### Work instructions
Everything in the listing below from the line containing "by apply: eq_bigr" through the line containing "rewrite !skewE (@sum_sign_perm_tperm" must be repeated exactly; the remaining lines are not wanted.

### Material for this exercise
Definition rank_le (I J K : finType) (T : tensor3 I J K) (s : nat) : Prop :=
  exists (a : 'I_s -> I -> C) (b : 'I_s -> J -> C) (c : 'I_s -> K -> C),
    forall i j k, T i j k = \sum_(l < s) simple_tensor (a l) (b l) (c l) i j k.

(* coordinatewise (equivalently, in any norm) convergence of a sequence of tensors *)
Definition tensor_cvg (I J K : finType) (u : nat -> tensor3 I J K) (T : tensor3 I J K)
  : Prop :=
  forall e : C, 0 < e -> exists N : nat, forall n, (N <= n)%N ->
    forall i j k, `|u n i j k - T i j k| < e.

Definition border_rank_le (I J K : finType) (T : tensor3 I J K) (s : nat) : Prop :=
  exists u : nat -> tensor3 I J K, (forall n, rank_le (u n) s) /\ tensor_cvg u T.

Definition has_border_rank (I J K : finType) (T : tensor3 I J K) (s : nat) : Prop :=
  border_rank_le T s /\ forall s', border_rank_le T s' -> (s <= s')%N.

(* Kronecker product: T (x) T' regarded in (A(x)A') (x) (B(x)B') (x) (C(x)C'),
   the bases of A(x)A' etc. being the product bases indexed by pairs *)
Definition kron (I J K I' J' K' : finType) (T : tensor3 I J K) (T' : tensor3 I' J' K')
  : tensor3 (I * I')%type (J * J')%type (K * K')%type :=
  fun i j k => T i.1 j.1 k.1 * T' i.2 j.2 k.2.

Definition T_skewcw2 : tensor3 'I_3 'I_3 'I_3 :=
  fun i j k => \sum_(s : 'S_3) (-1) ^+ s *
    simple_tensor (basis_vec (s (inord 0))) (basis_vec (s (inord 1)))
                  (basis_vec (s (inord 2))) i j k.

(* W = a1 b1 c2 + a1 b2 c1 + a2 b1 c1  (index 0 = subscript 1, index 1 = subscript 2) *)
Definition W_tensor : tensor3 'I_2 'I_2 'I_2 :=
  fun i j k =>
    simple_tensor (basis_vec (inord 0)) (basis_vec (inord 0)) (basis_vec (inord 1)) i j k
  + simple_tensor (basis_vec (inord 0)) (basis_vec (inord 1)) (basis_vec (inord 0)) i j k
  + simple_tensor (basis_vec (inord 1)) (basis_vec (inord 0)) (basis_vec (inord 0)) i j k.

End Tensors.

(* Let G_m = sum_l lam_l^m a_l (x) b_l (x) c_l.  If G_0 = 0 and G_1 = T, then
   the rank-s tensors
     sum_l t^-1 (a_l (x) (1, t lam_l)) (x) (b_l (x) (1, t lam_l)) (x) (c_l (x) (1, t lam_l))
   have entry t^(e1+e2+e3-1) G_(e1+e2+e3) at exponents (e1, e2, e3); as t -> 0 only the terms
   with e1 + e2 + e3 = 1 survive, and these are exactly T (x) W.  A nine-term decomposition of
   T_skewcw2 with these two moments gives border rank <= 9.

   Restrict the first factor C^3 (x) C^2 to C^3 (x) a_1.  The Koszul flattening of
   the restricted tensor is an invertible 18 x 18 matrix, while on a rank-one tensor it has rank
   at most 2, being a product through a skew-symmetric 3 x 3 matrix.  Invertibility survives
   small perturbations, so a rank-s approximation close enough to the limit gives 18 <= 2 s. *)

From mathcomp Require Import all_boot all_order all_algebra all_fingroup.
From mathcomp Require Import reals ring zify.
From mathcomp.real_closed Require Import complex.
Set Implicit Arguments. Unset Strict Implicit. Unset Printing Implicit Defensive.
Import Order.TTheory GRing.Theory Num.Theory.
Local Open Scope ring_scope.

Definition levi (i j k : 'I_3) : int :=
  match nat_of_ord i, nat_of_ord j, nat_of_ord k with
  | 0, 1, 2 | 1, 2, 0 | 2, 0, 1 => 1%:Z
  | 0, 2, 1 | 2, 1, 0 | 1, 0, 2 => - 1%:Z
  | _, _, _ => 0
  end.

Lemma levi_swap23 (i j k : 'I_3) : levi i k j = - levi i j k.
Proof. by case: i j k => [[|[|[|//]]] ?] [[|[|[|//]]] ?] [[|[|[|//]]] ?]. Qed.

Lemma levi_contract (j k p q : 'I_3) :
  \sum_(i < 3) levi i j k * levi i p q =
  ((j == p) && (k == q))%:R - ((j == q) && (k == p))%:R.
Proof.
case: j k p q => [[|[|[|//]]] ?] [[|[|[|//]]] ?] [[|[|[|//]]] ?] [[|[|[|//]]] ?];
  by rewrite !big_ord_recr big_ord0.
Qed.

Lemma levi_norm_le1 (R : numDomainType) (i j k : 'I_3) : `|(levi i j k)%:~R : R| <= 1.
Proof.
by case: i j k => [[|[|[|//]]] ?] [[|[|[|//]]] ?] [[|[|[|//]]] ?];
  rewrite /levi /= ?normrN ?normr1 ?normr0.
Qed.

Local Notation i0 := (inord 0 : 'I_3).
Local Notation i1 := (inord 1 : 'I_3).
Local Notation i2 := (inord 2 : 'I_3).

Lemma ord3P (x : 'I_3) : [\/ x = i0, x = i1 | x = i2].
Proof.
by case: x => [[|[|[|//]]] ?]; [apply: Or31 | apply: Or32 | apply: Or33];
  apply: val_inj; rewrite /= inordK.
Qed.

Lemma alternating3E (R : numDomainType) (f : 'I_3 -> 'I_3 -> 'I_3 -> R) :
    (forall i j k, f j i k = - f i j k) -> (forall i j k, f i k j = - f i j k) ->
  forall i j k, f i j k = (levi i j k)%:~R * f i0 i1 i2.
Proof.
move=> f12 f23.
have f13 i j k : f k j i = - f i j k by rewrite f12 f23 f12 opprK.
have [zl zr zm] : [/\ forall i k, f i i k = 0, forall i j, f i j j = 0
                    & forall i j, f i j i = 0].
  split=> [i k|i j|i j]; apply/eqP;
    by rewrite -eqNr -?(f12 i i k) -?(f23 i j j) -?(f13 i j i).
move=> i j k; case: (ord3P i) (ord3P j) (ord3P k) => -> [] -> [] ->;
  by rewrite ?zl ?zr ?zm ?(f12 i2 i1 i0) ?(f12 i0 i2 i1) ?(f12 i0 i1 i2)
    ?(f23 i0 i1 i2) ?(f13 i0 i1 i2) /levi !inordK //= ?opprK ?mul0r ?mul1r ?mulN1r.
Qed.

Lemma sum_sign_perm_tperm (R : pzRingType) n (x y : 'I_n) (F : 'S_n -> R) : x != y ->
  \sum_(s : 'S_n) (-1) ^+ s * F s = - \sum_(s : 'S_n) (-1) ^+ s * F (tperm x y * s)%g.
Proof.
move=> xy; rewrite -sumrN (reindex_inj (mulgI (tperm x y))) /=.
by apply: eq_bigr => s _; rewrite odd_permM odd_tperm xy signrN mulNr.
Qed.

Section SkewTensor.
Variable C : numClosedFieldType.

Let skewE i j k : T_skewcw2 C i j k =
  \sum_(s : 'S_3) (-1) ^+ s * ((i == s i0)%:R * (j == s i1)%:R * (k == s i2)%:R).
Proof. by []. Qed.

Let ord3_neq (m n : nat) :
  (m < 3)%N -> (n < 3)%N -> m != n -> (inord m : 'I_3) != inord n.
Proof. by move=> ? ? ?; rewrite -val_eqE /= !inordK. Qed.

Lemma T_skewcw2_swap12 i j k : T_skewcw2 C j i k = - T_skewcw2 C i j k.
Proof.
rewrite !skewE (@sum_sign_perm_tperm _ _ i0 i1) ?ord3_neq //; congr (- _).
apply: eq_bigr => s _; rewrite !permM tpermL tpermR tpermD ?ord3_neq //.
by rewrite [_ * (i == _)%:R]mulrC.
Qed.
* * *
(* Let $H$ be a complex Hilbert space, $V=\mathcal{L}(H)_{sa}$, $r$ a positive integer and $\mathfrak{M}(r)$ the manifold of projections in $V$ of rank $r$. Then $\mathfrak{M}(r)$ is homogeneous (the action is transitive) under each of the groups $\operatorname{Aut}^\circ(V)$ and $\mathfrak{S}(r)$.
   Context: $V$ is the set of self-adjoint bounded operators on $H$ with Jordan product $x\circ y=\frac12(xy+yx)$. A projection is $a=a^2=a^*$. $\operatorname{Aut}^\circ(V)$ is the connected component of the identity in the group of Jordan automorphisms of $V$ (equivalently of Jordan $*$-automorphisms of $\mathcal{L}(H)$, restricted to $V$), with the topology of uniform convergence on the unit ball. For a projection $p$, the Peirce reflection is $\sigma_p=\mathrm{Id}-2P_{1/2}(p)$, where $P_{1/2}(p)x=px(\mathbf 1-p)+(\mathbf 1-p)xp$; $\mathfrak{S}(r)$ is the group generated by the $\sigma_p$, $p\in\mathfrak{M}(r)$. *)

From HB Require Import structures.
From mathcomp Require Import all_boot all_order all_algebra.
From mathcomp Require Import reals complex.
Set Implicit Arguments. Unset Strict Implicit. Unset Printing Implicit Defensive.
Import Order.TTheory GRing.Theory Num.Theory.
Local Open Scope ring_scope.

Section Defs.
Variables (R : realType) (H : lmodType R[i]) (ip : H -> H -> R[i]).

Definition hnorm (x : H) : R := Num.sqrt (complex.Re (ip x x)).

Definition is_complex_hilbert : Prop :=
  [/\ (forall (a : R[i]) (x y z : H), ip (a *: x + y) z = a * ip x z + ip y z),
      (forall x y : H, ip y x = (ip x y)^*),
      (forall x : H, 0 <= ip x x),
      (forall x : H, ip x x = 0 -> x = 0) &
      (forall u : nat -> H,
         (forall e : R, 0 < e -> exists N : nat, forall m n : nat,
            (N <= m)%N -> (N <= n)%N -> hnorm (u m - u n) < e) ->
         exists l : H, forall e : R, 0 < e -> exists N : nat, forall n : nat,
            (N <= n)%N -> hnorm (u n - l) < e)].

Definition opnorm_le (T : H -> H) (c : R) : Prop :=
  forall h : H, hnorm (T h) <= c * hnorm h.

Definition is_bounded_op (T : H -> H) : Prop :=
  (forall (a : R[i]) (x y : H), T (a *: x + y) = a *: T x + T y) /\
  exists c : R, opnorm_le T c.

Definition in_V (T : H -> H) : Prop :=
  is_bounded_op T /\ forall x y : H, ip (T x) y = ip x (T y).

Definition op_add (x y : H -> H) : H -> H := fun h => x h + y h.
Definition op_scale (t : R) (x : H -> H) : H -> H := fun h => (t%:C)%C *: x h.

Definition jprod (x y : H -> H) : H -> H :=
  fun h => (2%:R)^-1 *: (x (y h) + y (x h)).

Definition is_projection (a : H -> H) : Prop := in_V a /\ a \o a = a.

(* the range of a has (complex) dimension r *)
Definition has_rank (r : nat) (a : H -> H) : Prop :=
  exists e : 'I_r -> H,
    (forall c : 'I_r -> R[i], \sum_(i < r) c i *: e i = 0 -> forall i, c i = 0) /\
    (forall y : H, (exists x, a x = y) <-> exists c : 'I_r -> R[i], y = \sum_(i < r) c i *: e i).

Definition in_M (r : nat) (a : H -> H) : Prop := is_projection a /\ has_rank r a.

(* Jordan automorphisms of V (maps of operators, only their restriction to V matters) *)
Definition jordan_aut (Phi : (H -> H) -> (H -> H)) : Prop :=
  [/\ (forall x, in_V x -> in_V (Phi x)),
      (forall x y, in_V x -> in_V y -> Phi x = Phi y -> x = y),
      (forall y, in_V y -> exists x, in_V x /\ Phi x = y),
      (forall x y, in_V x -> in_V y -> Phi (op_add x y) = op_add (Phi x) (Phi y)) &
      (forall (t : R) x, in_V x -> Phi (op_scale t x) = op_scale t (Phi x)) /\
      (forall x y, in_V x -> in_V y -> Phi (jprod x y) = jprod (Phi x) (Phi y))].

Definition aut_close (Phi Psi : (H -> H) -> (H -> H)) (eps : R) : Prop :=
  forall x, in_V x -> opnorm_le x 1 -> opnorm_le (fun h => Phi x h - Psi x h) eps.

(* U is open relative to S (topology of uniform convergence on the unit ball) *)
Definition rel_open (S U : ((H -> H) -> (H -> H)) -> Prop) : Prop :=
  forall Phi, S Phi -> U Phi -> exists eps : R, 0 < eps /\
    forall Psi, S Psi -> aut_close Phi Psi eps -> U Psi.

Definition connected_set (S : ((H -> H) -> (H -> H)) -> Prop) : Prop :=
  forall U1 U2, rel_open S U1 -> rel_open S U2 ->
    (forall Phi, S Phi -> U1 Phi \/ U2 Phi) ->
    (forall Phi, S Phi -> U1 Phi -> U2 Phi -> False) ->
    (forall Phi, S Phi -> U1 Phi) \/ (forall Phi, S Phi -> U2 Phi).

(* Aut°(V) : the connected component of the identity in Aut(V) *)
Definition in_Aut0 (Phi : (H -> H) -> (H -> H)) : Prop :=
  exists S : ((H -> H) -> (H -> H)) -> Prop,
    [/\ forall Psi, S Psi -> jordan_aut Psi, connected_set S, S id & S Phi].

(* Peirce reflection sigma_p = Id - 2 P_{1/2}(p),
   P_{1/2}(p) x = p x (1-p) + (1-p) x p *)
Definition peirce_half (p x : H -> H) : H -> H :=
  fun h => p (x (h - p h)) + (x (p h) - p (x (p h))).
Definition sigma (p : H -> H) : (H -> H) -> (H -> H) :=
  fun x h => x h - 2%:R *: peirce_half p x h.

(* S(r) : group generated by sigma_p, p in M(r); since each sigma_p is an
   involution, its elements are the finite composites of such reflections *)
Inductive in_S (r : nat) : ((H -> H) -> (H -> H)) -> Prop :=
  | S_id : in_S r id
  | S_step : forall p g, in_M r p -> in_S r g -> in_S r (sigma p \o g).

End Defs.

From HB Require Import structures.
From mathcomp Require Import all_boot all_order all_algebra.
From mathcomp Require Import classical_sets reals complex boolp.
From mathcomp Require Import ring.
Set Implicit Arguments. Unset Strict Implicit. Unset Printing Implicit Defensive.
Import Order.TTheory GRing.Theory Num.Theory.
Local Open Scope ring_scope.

### Written answer
by apply: eq_bigr => s _; rewrite odd_permM odd_tperm xy signrN mulNr.
Qed.

Section SkewTensor.
Variable C : numClosedFieldType.

Let skewE i j k : T_skewcw2 C i j k =
  \sum_(s : 'S_3) (-1) ^+ s * ((i == s i0)%:R * (j == s i1)%:R * (k == s i2)%:R).
Proof. by []. Qed.

Let ord3_neq (m n : nat) :
  (m < 3)%N -> (n < 3)%N -> m != n -> (inord m : 'I_3) != inord n.
Proof. by move=> ? ? ?; rewrite -val_eqE /= !inordK. Qed.

Lemma T_skewcw2_swap12 i j k : T_skewcw2 C j i k = - T_skewcw2 C i j k.
Proof.
rewrite !skewE (@sum_sign_perm_tperm _ _ i0 i1) ?ord3_neq //; congr (- _).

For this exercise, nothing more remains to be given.